IU as a Risk Factor for Decreased Treatment Adherence to Follow-up
The results of this study showed that IU had a significant negative predictive effect on treatment adherence to follow-up and was a risk factor for reduced patient follow-up adherence, which also echoed the results of existing studies.68 One possible explanation is that IU is often accompanied by patients’ interpretative bias in processing medical information, which may lead to patients’ misunderstanding or rejection of follow-up medical orders, thereby affecting their compliance.66 When patients face uncertain medical conditions, higher IU may exacerbate interpretative bias, which will further weaken the trust between patients and healthcare providers, thus reducing patients’ confidence in and adherence to follow-up plans.66,69 Additionally, interpretative bias may make it difficult for patients to accurately process medical orders and recommendations, increasing antagonism during follow-up, and ultimately leading to a significant decrease in treatment adherence to follow-up.70 From the perspective of healthcare providers, failure to promptly recognize and address patients’ IU and the interpretative bias it triggers may further deteriorate the nurse-patient relationship, heightening patients’ resistance to follow-up recommendations and reducing treatment effectiveness. On the other hand, patients with low treatment adherence to follow-up may attempt to alleviate the anxiety caused by IU through other means.71 Clearly, improving patients’ self-compassion can mitigate the negative impact of IU on interpretative bias and patient-nurse trust. To a certain extent, self-compassion helps patients better manage their emotions and reduce negative interpretative bias, thereby enhancing the trust relationship between patients and healthcare professionals. Ultimately, this improved trust and understanding will create a more favorable follow-up atmosphere for patients, increase treatment adherence to follow-up, and promote better long-term health outcomes.
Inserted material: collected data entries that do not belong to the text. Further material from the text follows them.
(* Let $n \ge 3$ and let $\vec{x} = [x_t]_{t=0}^{n-1}$ and $\vec{q} = [q_t]_{t=0}^{n-1}$ be real-valued sequences, with discrete Fourier transforms $\vec{X}$ and $\vec{Q}$ defined by $$X_f = \frac{1}{\sqrt{n}} \sum_{t=0}^{n-1} x_t e^{-j 2\pi t f / n}, \qquad Q_f = \frac{1}{\sqrt{n}} \sum_{t=0}^{n-1} q_t e^{-j 2\pi t f / n}, \qquad f = 0, 1, \ldots, n-1,$$ where $j = \sqrt{-1}$. Let $D(\vec{x},\vec{q}) = \left(\sum_{t=0}^{n-1} |x_t - q_t|^2\right)^{1/2}$ be the Euclidean distance, and let $\epsilon > 0$. Let $k$ be an integer with $1 \le k < n/2$. If $D(\vec{x},\vec{q}) < \epsilon$, then $|X_0 - Q_0| < \epsilon$ and $$|X_f - Q_f| < \frac{\epsilon}{\sqrt{2}} \qquad \text{for all } f = 1, \ldots, k.$$ In particular, the axis-parallel box in the feature space of the first $k+1$ DFT coefficients that is centered at $(Q_0, Q_1, \ldots, Q_k)$ and has side $2\epsilon$ in the coordinate of $X_0$ and side $\sqrt{2}\,\epsilon$ in each real coordinate of $X_1, \ldots, X_k$ contains $(X_0, X_1, \ldots, X_k)$ for every $\vec{x}$ with $D(\vec{x},\vec{q}) < \epsilon$.
   Context: The time sequences are real-valued. The real coordinates of a complex coefficient $X_f$ are its real and imaginary parts. For a real-valued sequence, $X_0$ is a real number. *)

From HB Require Import structures.
From mathcomp Require Import all_boot all_order all_algebra.
From mathcomp Require Import all_classical all_reals.
From mathcomp Require Import trigo.
From mathcomp Require Import complex.
Set Implicit Arguments. Unset Strict Implicit. Unset Printing Implicit Defensive.
Import Order.TTheory GRing.Theory Num.Theory.
Local Open Scope ring_scope.

Definition expj (R : realType) (theta : R) : R[i] := Complex (cos theta) (sin theta).

Definition dft (R : realType) (n : nat) (x : 'I_n -> R) (f : nat) : R[i] :=
  ((Num.sqrt (n%:R : R))^-1)%:C%C *
  \sum_(t < n) (x t)%:C%C * expj (- (2 * pi * (t%:R) * (f%:R) / (n%:R)) : R).

Definition eucl_dist (R : realType) (n : nat) (x q : 'I_n -> R) : R :=
  Num.sqrt (\sum_(t < n) `|x t - q t| ^+ 2).

Definition cmod (R : realType) (z : R[i]) : R := Normc.normc z.

From HB Require Import structures.
From mathcomp Require Import all_boot all_order all_algebra.
From mathcomp Require Import all_classical all_reals.
From mathcomp Require Import trigo.
From mathcomp Require Import complex.
From mathcomp Require Import ring lra.
Set Implicit Arguments.
Unset Strict Implicit.
Unset Printing Implicit Defensive.
Import Order.TTheory GRing.Theory Num.Theory.
Local Open Scope ring_scope.

(* By linearity X_f - Q_f is the DFT of d = x - q, and
   n |X_f - Q_f|^2 = (d . c)^2 + (d . s)^2 with c_t = cos (t th), s_t = sin (t th),
   th = -2 pi f / n.  For 0 < 2f < n the vectors c and s are orthogonal with
   squared norm n/2 each, since cos and sin of t (2 th) sum to zero over t < n;
   Bessel's inequality then gives 2 |X_f - Q_f|^2 <= D(x,q)^2.  For f = 0 we have
   c = 1 and s = 0, and the same inequality is Cauchy-Schwarz:
   |X_0 - Q_0|^2 <= D(x,q)^2. *)

Section Bessel.
Variables (R : realFieldType) (n : nat) (d c s : 'I_n -> R).

(* With [x / 0 = 0] this also holds when [c] or [s] is zero. *)
Lemma bessel_orthogonal2 : \sum_t c t * s t = 0 ->
  (\sum_t d t * c t) ^+ 2 / \sum_t c t ^+ 2 +
  (\sum_t d t * s t) ^+ 2 / \sum_t s t ^+ 2 <= \sum_t d t ^+ 2.
Proof.
move=> cs0.
set A := \sum_t d t * c t; set B := \sum_t d t * s t.
set Nc := \sum_t c t ^+ 2; set Ns := \sum_t s t ^+ 2.
set a := A / Nc; set b := B / Ns.
have proj_coef (X N : R) : (X / N) ^+ 2 * N - 2 * (X / N) * X = - (X ^+ 2 / N).
  have [->|N0] := eqVneq N 0; first by rewrite !(invr0, mulr0, mul0r, subr0, oppr0).
  by field.
have expand : \sum_t (d t - a * c t - b * s t) ^+ 2 = \sum_t d t ^+ 2
    + (-2 * a) * A + (-2 * b) * B + a ^+ 2 * Nc + b ^+ 2 * Ns
    + (2 * a * b) * \sum_t c t * s t.
  rewrite /A /B /Nc /Ns !mulr_sumr -!big_split /=.
  by apply: eq_bigr => t _; ring.
have : 0 <= \sum_t (d t - a * c t - b * s t) ^+ 2.
  by apply: sumr_ge0 => t _; apply: sqr_ge0.
rewrite expand cs0 mulr0 addr0.
have := proj_coef A Nc; have := proj_coef B Ns; rewrite -/a -/b.
lra.
Qed.
End Bessel.

Section TrigSums.
Variable R : realType.
Implicit Types (h : R) (n : nat).

Lemma sum_cos_sin_mul2_eq0 h n : sin h != 0 -> sin (n%:R * h) = 0 ->
  \sum_(t < n) cos (t%:R * (2 * h)) = 0 /\ \sum_(t < n) sin (t%:R * (2 * h)) = 0.
Proof.
move=> sh0 snh0.
have nh2 : n%:R * (2 * h) = (n%:R * h) *+ 2 by rewrite mulr2n; ring.
have cos_n : cos (n%:R * (2 * h)) = 1.
  by rewrite nh2 cos_mulr2n cos2sin2 snh0 expr0n subr0 mulr2n; lra.
have sin_n : sin (n%:R * (2 * h)) = 0 by rewrite nh2 sin_mulr2n snh0 mulr0 mul0rn.
pose g (t : nat) := t%:R * (2 * h) - h.
have gS t : g t.+1 = t%:R * (2 * h) + h by rewrite /g -addn1 natrD; ring.
have sh2 : 2 * sin h != 0 by rewrite mulf_eq0 negb_or sh0 andbT; apply/eqP; lra.
(* 2 sin h cos (2th) and 2 sin h sin (2th) are differences of consecutive values
   of sin and - cos at the odd multiples (2t - 1) h. *)
split; apply: (mulIf sh2); rewrite mul0r mulr_suml.
- rewrite -(big_mkord xpredT (fun t => cos (t%:R * (2 * h)) * (2 * sin h))).
  rewrite (telescope_sumr_eq (fun t => sin (g t))) //; last first.
    by move=> t _; rewrite gS /g sinD sinB; ring.
  by rewrite /g mul0r add0r sinN sinB cos_n sin_n; ring.
- rewrite -(big_mkord xpredT (fun t => sin (t%:R * (2 * h)) * (2 * sin h))).
  rewrite (telescope_sumr_eq (fun t => - cos (g t))) //; last first.
    by move=> t _; rewrite gS /g cosD cosB; ring.
  by rewrite /g mul0r add0r cosN cosB cos_n sin_n; ring.
Qed.

Lemma sum_cos_sin_sqr h n : sin h != 0 -> sin (n%:R * h) = 0 ->
  [/\ \sum_(t < n) cos (t%:R * h) ^+ 2 = n%:R / 2,
      \sum_(t < n) sin (t%:R * h) ^+ 2 = n%:R / 2 &
      \sum_(t < n) cos (t%:R * h) * sin (t%:R * h) = 0].
Proof.
move=> sh0 snh0; have [sum_cos sum_sin] := sum_cos_sin_mul2_eq0 sh0 snh0.
have double t : t%:R * (2 * h) = (t%:R * h) *+ 2 by rewrite mulr2n; ring.
have cos_sqr t : cos (t%:R * h) ^+ 2 = (1 + cos (t%:R * (2 * h))) / 2.
  by rewrite double cos_mulr2n mulr2n; field.
have cos_sin t : cos (t%:R * h) * sin (t%:R * h) = sin (t%:R * (2 * h)) / 2.
  by rewrite double sin_mulr2n mulr2n; field.
have sum_cos2 : \sum_(t < n) cos (t%:R * h) ^+ 2 = n%:R / 2.
  under eq_bigr do rewrite cos_sqr.
  by rewrite -mulr_suml big_split /= sum_cos addr0 sumr_const card_ord.
split=> //.
  under eq_bigr do rewrite sin2cos2.
  by rewrite sumrB sum_cos2 sumr_const card_ord; field.
under eq_bigr do rewrite cos_sin.
by rewrite -mulr_suml sum_sin mul0r.
Qed.
End TrigSums.

Section RealComplex.
Variable R : realType.
Implicit Types z : R[i].

Lemma big_Complex n (F G : 'I_n -> R) :
  \sum_t Complex (F t) (G t) = Complex (\sum_t F t) (\sum_t G t).
Proof. by apply: (big_rec3 (fun z a b => z = Complex a b)) => // t z a b _ ->. Qed.

Lemma mul_real_Complex (a b c : R) : (a%:C * Complex b c)%C = Complex (a * b) (a * c).
Proof.
change (Complex (a * b - 0 * c) (a * c + 0 * b) = Complex (a * b) (a * c)).
by rewrite !mul0r subr0 addr0.
Qed.

Lemma ReB z w : complex.Re (z - w) = complex.Re z - complex.Re w.
Proof. by case: z; case: w. Qed.

Lemma ImB z w : complex.Im (z - w) = complex.Im z - complex.Im w.
Proof. by case: z; case: w. Qed.

Lemma normr_Re_le_cmod z : `|complex.Re z| <= cmod z.
Proof. by case: z => a b /=; rewrite -sqrtr_sqr ler_sqrt ?lerDl ?addr_ge0 ?sqr_ge0. Qed.

Lemma normr_Im_le_cmod z : `|complex.Im z| <= cmod z.
Proof. by case: z => a b /=; rewrite -sqrtr_sqr ler_sqrt ?lerDr ?addr_ge0 ?sqr_ge0. Qed.

Lemma cmod_lt_div_sqrt z (m S eps : R) : 0 < m ->
  m * cmod z ^+ 2 <= S -> Num.sqrt S < eps -> cmod z < eps / Num.sqrt m.
Proof.
move=> m_gt0 le_S lt_eps.
have cmod_ge0 : 0 <= cmod z by case: (z) => a b; apply: sqrtr_ge0.
rewrite ltr_pdivlMr ?sqrtr_gt0 // -(ger0_norm cmod_ge0) -sqrtr_sqr -sqrtrM ?sqr_ge0 //.
have S_ge0 : 0 <= S := le_trans (mulr_ge0 (ltW m_gt0) (sqr_ge0 _)) le_S.
by rewrite (le_lt_trans _ lt_eps) // ler_sqrt // mulrC.
Qed.

Lemma cmod_Re_Im_lt z (m S eps : R) : 0 < m ->
    m * cmod z ^+ 2 <= S -> Num.sqrt S < eps ->
  [/\ cmod z < eps / Num.sqrt m, `|complex.Re z| < eps / Num.sqrt m &
      `|complex.Im z| < eps / Num.sqrt m].
Proof.
move=> m_gt0 le_S /(cmod_lt_div_sqrt m_gt0 le_S) lt_eps.
by split=> //; apply: le_lt_trans lt_eps; [apply: normr_Re_le_cmod | apply: normr_Im_le_cmod].
Qed.
End RealComplex.

Section DFT.
Variable R : realType.

Definition dft_angle (n f : nat) : R := - (2 * pi * f%:R / n%:R).

Lemma dft_angle0 n : dft_angle n 0 = 0.
Proof. by rewrite /dft_angle mulr0 mul0r oppr0. Qed.

Lemma sin_dft_angle_neq0 n f : (0 < f)%N -> (f.*2 < n)%N -> sin (dft_angle n f) != 0.
Proof.
move=> f_gt0 f2n; have n_gt0 : (0 < n)%N := leq_ltn_trans (leq0n _) f2n.
rewrite sinN oppr_eq0 gt_eqF // sin_gt0_pi // divr_gt0 ?mulr_gt0 ?pi_gt0 ?ltr0n //=.
rewrite ltr_pdivrMr ?ltr0n // mulrAC [pi * _]mulrC ltr_pM2r ?pi_gt0 //.
by rewrite -natrM ltr_nat mul2n.
Qed.

Lemma sin_natmul_dft_angle n f : (0 < n)%N -> sin (n%:R * dft_angle n f) = 0.
Proof.
move=> n_gt0; have n0 : (n%:R : R) != 0 by rewrite pnatr_eq0 -lt0n.
have -> : n%:R * dft_angle n f = - ((pi *+ 2) *+ f).
  by rewrite /dft_angle -mulr_natr -[pi *+ 2]mulr_natr; field.
by rewrite sinN -[_ *+ f]add0r (periodicn (@sinD2pi R)) sin0 oppr0.
Qed.

Lemma dftE n (x : 'I_n -> R) f : dft x f =
  Complex ((Num.sqrt n%:R)^-1 * \sum_t x t * cos (t%:R * dft_angle n f))
          ((Num.sqrt n%:R)^-1 * \sum_t x t * sin (t%:R * dft_angle n f)).
Proof.
rewrite /dft -mul_real_Complex -big_Complex; congr (_ * _).
apply: eq_bigr => t _; rewrite /expj mul_real_Complex /dft_angle.
by congr (Complex (_ * cos _) (_ * sin _)); ring.
Qed.

Lemma dftB n (x q : 'I_n -> R) f : dft x f - dft q f = dft (fun t => x t - q t) f.
Proof.
rewrite !dftE /=; congr Complex; rewrite -mulrBr -sumrB;
  by congr (_ * _); apply: eq_bigr => t _; rewrite mulrBl.
Qed.

Lemma cmod_dft_sqr n (d : 'I_n -> R) f : cmod (dft d f) ^+ 2 =
  ((\sum_t d t * cos (t%:R * dft_angle n f)) ^+ 2 +
   (\sum_t d t * sin (t%:R * dft_angle n f)) ^+ 2) / n%:R.
Proof.
rewrite dftE /cmod /= sqr_sqrtr ?addr_ge0 ?sqr_ge0 // !exprMn exprVn.
by rewrite sqr_sqrtr ?ler0n // mulrDl !(mulrC _^-1).
Qed.

Lemma cmod_dft0_sqr_le n (d : 'I_n -> R) : cmod (dft d 0) ^+ 2 <= \sum_t d t ^+ 2.
Proof.
have sin_eq0 (t : 'I_n) : sin (t%:R * dft_angle n 0) = 0.
  by rewrite dft_angle0 mulr0 sin0.
have cos_sqr_sum : \sum_(t < n) cos (t%:R * dft_angle n 0) ^+ 2 = n%:R.
  rewrite (eq_bigr (fun _ => 1)) => [|t _]; last by rewrite dft_angle0 mulr0 cos0 expr1n.
  by rewrite sumr_const card_ord.
have [cos_sin_sum d_sin_sum] :
    \sum_(t < n) cos (t%:R * dft_angle n 0) * sin (t%:R * dft_angle n 0) = 0 /\
    \sum_(t < n) d t * sin (t%:R * dft_angle n 0) = 0.
  by split; apply: big1 => t _; rewrite sin_eq0 mulr0.
have := bessel_orthogonal2 d cos_sin_sum.
by rewrite cmod_dft_sqr d_sin_sum cos_sqr_sum expr0n /= !mul0r !addr0.
Qed.

Lemma cmod_dft_sqr_le n (d : 'I_n -> R) f : (0 < f)%N -> (f.*2 < n)%N ->
  2 * cmod (dft d f) ^+ 2 <= \sum_t d t ^+ 2.
Proof.
move=> f_gt0 f2n; have n_gt0 : (0 < n)%N := leq_ltn_trans (leq0n _) f2n.
have [cos_sqr_sum sin_sqr_sum cos_sin_sum] := sum_cos_sin_sqr
  (sin_dft_angle_neq0 f_gt0 f2n) (sin_natmul_dft_angle f n_gt0).
have := bessel_orthogonal2 d cos_sin_sum; rewrite cos_sqr_sum sin_sqr_sum cmod_dft_sqr.
by congr (_ <= _); field; rewrite pnatr_eq0 -lt0n.
Qed.
End DFT.

Theorem mainTheorem1 (R : realType) (n : nat) (x q : 'I_n -> R) (eps : R)
    (k : nat) :
  (3 <= n)%N -> 0 < eps -> (1 <= k)%N -> (k.*2 < n)%N ->
  eucl_dist x q < eps ->
  (* |X_0 - Q_0| < eps and |X_f - Q_f| < eps / sqrt 2 for f = 1..k *)
  (cmod (dft x 0 - dft q 0) < eps /\
   (forall f : nat, (1 <= f <= k)%N ->
      cmod (dft x f - dft q f) < eps / Num.sqrt 2)) /\
  (* box containment in the real coordinates of (X_0, ..., X_k) *)
  (`|complex.Re (dft x 0) - complex.Re (dft q 0) : R| < eps /\
   (forall f : nat, (1 <= f <= k)%N ->
      `|complex.Re (dft x f) - complex.Re (dft q f) : R| < eps / Num.sqrt 2 /\
      `|complex.Im (dft x f) - complex.Im (dft q f) : R| < eps / Num.sqrt 2)).
Proof.
move=> _ _ _ k2n; pose d t := x t - q t.
rewrite /eucl_dist (eq_bigr (fun t => d t ^+ 2)) => [dist_lt|t _]; last first.
  exact: real_normK (num_real _).
have box f (m : R) : 0 < m -> m * cmod (dft d f) ^+ 2 <= \sum_t d t ^+ 2 ->
    [/\ cmod (dft x f - dft q f) < eps / Num.sqrt m,
        `|complex.Re (dft x f) - complex.Re (dft q f)| < eps / Num.sqrt m &
        `|complex.Im (dft x f) - complex.Im (dft q f)| < eps / Num.sqrt m].
  by move=> m_gt0 le_sum; rewrite -ReB -ImB dftB; apply: cmod_Re_Im_lt le_sum dist_lt.
have [|cmod0 Re0 _] := box 0%N 1 ltr01; first by rewrite mul1r cmod_dft0_sqr_le.
rewrite sqrtr1 divr1 in cmod0 Re0.
have box2 f : (1 <= f <= k)%N ->
    [/\ cmod (dft x f - dft q f) < eps / Num.sqrt 2,
        `|complex.Re (dft x f) - complex.Re (dft q f)| < eps / Num.sqrt 2 &
        `|complex.Im (dft x f) - complex.Im (dft q f)| < eps / Num.sqrt 2].
  move=> /andP[f_gt0 le_fk]; apply: box => //; apply: cmod_dft_sqr_le f_gt0 _.
  by rewrite (leq_ltn_trans _ k2n) ?leq_double.
by split; split=> // f /box2[].
Qed.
Negative Interpretative Bias and Trust Also Deserve Attention
This study revealed that intolerance of uncertainty can affect patient compliance through negative interpretive bias and trust. Specifically, excessive intolerance of uncertainty in patients positively predicts negative interpretive bias, while negative interpretive bias in turn negatively predicts trust, which aligns with previous research findings.72 According to the Conservation of Resources Theory, when patients perceive uncertainty, their psychological resources—such as security, trust, and control over the future—are threatened. To safeguard these resources, patients tend to exhibit a negative interpretive bias, interpreting ambiguous or uncertain medical information as potential threats or adverse factors. This interpretive bias weakens trust in healthcare providers, leading to resistance or rejection of follow-up recommendations, thereby reducing adherence to follow-up care. In the face of uncertainty, patients are more inclined to protect their psychological resources than to follow medical advice, which directly impacts the implementation of follow-up care. Research shows that intolerance of uncertainty is indeed closely related to patients’ negative interpretive bias, a relationship confirmed in numerous studies. For instance, Hall found that individuals with high intolerance of uncertainty are more likely to develop a negative interpretive bias when faced with ambiguous medical information, affecting their medical decisions.66 This result supports the Conservation of Resources Theory, which asserts that individuals prioritize protecting their psychological resources when facing uncertainty, leading to heightened negative cognitive responses.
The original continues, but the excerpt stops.